** Exercise description **
Starting at the line that holds "Definition rep_valid (V" and stopping at the line that holds "box_rep E Is /\", restate the records below word for word, with both of those lines included.

[Dataset entries]
■ ■ ■ ■ ■

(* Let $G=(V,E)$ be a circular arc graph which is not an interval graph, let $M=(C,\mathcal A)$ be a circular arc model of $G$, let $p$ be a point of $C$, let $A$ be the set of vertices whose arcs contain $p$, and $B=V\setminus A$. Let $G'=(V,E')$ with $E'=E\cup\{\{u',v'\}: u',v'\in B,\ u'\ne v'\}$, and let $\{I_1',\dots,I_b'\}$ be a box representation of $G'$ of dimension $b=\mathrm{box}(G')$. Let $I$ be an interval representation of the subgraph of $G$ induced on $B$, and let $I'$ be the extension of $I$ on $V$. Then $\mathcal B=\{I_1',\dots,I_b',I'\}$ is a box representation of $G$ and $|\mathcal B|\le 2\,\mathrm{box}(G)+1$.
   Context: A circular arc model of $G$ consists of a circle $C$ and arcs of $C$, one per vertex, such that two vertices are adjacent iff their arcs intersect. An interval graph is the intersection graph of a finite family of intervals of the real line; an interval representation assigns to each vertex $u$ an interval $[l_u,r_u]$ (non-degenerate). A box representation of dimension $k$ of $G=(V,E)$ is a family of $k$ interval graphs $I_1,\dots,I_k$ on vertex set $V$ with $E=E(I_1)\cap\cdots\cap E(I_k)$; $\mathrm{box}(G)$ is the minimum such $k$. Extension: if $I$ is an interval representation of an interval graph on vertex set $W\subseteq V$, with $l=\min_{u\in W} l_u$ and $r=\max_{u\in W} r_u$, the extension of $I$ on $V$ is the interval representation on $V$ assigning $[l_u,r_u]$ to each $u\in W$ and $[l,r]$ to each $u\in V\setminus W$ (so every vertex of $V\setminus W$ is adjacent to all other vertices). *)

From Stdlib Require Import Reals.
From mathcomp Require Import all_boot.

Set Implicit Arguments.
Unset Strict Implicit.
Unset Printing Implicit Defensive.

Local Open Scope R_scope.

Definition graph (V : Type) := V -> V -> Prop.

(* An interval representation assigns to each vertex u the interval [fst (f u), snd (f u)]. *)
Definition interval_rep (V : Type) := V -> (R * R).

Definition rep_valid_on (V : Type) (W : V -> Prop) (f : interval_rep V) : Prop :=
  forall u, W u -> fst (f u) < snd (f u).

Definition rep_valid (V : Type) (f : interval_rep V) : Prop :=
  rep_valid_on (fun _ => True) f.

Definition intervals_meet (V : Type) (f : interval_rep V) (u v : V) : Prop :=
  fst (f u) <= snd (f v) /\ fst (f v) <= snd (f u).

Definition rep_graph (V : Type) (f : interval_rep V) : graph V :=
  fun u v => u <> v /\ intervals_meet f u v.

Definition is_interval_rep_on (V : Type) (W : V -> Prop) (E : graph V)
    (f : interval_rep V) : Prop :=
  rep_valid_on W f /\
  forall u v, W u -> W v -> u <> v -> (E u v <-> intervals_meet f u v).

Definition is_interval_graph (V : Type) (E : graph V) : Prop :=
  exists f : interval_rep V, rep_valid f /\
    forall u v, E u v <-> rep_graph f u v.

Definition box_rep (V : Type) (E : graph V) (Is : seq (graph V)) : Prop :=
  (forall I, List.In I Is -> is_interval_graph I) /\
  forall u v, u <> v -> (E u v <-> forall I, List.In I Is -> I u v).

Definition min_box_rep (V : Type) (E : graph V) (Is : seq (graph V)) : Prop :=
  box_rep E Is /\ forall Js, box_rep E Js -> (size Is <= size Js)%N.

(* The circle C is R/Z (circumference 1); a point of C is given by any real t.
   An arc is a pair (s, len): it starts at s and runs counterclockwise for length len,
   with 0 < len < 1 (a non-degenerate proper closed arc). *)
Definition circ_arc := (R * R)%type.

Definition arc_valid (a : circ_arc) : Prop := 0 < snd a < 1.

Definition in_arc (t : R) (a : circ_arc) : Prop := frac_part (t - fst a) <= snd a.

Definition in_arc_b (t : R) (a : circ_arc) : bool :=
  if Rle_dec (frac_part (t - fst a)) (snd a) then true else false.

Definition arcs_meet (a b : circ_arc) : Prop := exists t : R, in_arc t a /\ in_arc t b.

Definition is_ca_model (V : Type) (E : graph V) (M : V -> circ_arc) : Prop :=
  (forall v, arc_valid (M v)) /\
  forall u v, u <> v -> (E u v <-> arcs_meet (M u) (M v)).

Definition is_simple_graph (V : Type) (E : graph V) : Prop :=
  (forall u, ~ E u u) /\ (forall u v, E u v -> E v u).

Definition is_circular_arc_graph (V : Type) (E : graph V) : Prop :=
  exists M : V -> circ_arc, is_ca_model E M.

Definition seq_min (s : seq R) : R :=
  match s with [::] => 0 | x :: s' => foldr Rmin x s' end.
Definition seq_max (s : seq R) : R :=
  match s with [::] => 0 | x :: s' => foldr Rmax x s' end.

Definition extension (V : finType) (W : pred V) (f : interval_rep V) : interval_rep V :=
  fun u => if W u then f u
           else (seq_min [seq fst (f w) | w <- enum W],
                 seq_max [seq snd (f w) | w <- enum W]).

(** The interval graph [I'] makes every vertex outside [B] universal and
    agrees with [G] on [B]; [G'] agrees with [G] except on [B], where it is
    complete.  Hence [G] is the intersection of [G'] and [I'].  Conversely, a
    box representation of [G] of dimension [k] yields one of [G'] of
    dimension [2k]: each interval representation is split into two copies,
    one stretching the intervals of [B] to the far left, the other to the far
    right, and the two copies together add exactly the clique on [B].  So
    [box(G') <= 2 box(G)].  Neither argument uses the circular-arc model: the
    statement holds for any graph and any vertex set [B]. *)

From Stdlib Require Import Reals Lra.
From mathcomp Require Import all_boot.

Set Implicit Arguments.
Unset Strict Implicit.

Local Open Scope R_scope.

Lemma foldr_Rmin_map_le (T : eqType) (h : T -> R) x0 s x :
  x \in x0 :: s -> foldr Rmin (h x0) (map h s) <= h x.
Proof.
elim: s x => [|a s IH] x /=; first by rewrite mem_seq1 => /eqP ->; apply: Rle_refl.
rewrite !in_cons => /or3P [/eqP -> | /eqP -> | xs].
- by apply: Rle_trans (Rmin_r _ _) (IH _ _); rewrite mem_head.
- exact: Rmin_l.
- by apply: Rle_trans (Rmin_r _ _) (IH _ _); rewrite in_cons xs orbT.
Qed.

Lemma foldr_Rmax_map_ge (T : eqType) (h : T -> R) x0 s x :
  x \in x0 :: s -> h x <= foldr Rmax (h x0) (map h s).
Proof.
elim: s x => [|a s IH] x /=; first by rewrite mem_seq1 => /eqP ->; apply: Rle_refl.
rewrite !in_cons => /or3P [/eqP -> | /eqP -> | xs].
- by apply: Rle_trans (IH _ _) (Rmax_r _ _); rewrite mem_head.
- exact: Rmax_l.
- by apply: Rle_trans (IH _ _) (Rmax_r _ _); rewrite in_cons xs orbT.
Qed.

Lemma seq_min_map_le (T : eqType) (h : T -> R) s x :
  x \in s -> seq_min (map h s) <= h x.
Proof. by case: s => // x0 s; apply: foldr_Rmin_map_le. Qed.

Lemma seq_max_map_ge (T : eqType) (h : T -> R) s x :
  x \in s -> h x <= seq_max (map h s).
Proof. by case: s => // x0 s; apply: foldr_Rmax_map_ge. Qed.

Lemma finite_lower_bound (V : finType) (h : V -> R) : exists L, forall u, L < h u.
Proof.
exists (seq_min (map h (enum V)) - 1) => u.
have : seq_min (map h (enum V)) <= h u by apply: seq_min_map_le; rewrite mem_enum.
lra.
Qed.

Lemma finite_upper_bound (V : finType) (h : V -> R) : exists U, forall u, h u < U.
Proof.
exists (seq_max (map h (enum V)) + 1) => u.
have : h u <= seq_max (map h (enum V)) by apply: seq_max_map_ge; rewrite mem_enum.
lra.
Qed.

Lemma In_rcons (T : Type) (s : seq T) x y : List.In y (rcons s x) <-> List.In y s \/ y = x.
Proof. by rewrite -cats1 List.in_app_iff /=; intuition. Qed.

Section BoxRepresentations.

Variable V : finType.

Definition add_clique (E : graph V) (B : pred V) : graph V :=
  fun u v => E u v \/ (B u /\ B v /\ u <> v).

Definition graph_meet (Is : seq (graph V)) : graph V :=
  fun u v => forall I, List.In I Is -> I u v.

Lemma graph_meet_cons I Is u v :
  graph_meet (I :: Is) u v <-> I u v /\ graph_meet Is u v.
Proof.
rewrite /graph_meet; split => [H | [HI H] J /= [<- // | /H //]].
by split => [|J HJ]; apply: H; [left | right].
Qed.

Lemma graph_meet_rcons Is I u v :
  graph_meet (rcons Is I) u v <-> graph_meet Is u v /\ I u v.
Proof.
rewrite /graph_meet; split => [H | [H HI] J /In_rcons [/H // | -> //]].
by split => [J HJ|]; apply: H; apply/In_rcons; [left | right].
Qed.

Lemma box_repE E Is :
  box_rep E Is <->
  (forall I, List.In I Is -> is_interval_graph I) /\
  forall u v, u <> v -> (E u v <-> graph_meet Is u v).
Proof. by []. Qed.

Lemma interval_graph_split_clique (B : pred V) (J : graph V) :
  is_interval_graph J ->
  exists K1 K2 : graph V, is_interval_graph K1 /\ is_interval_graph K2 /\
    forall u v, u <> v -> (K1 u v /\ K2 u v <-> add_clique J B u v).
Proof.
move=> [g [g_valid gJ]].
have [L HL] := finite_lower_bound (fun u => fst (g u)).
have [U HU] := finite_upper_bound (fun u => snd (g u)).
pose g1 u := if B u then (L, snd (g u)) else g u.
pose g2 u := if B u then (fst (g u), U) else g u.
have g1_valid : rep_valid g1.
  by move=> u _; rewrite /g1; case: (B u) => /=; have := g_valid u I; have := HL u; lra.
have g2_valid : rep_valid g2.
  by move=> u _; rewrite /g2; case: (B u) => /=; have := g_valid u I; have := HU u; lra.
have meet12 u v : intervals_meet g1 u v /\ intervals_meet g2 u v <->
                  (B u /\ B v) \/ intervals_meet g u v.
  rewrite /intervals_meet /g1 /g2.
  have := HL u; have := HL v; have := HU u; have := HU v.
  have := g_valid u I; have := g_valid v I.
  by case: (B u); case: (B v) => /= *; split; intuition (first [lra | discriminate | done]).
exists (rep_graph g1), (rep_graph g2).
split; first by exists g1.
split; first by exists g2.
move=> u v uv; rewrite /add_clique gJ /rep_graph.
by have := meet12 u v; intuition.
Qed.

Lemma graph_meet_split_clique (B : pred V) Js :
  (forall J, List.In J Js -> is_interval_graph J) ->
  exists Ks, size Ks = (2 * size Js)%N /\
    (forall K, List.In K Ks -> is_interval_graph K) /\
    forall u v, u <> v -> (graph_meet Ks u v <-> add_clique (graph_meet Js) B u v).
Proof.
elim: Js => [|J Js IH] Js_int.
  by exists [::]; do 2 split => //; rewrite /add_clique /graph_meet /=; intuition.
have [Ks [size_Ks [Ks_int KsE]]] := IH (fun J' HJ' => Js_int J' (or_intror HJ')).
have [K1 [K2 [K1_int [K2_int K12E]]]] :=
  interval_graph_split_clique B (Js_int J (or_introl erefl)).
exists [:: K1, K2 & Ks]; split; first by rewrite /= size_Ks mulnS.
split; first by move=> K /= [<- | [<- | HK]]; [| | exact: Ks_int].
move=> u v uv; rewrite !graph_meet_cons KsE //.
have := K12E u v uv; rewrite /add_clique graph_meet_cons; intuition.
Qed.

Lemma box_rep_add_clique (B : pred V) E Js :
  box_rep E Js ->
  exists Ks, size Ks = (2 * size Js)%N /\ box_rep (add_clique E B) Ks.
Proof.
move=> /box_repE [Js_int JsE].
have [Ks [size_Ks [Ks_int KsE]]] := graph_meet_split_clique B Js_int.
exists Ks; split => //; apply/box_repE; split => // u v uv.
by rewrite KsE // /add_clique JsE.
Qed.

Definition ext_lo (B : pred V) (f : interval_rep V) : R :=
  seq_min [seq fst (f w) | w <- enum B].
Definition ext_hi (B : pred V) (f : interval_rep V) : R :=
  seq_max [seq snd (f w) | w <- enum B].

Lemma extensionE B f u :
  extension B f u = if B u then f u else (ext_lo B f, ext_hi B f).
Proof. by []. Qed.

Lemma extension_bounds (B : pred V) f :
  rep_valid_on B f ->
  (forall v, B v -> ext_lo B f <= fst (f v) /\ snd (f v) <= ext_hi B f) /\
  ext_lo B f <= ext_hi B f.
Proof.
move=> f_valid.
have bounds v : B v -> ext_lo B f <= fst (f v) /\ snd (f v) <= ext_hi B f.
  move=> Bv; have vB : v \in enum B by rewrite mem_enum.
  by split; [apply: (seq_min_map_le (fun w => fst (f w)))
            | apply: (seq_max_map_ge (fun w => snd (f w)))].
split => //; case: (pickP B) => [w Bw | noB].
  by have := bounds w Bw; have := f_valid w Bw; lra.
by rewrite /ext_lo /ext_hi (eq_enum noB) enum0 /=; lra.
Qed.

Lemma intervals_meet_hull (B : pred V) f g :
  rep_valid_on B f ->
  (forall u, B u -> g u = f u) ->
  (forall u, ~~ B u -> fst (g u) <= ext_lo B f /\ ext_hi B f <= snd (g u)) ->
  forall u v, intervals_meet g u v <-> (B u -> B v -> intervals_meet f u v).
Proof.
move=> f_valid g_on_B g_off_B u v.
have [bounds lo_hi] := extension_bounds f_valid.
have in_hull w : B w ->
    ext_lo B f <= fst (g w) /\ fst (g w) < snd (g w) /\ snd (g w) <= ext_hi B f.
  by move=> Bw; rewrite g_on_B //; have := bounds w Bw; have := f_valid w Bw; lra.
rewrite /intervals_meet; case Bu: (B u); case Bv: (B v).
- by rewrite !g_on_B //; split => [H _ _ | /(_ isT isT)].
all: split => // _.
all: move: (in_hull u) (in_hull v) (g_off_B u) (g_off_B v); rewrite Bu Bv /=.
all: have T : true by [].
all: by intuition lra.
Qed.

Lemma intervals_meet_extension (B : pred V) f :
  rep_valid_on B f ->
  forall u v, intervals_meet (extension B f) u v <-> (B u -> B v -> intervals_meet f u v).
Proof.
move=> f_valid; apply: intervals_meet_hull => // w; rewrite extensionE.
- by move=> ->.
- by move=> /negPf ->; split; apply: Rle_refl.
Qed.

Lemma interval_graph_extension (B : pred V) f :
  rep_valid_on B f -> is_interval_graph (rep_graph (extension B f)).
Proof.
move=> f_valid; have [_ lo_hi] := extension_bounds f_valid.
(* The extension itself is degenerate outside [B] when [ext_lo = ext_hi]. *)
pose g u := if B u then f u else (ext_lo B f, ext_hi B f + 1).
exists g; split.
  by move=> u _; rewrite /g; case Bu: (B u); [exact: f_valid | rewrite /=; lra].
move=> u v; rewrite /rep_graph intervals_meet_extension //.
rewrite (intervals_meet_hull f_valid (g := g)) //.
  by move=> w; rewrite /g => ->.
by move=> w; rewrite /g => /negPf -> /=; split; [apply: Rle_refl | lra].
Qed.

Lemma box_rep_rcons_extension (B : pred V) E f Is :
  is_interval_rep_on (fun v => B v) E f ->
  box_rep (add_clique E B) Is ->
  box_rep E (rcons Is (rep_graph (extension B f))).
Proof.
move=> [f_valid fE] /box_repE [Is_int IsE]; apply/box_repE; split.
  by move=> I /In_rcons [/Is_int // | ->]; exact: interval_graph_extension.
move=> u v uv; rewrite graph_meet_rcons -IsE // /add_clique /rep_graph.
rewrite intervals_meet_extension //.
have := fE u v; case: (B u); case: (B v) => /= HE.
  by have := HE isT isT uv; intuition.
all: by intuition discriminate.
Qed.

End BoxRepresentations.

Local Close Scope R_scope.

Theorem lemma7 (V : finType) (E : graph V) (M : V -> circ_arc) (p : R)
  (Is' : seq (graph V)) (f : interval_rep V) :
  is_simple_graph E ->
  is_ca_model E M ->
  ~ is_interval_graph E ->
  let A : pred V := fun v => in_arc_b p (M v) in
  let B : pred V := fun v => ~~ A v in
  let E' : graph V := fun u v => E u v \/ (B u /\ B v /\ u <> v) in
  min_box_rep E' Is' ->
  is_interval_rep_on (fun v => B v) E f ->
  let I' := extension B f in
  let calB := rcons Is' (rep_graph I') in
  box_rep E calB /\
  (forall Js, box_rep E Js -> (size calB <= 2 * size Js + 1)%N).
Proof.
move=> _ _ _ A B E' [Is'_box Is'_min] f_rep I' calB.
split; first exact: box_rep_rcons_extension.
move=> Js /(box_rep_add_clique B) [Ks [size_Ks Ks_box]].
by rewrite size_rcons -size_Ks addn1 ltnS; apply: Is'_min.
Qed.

■ ■ ■ ■ ■

** Written response **
Definition rep_valid (V : Type) (f : interval_rep V) : Prop :=
  rep_valid_on (fun _ => True) f.

Definition intervals_meet (V : Type) (f : interval_rep V) (u v : V) : Prop :=
  fst (f u) <= snd (f v) /\ fst (f v) <= snd (f u).

Definition rep_graph (V : Type) (f : interval_rep V) : graph V :=
  fun u v => u <> v /\ intervals_meet f u v.

Definition is_interval_rep_on (V : Type) (W : V -> Prop) (E : graph V)
    (f : interval_rep V) : Prop :=
  rep_valid_on W f /\
  forall u v, W u -> W v -> u <> v -> (E u v <-> intervals_meet f u v).

Definition is_interval_graph (V : Type) (E : graph V) : Prop :=
  exists f : interval_rep V, rep_valid f /\
    forall u v, E u v <-> rep_graph f u v.

Definition box_rep (V : Type) (E : graph V) (Is : seq (graph V)) : Prop :=
  (forall I, List.In I Is -> is_interval_graph I) /\
  forall u v, u <> v -> (E u v <-> forall I, List.In I Is -> I u v).

Definition min_box_rep (V : Type) (E : graph V) (Is : seq (graph V)) : Prop :=
  box_rep E Is /\ forall Js, box_rep E Js -> (size Is <= size Js)%N.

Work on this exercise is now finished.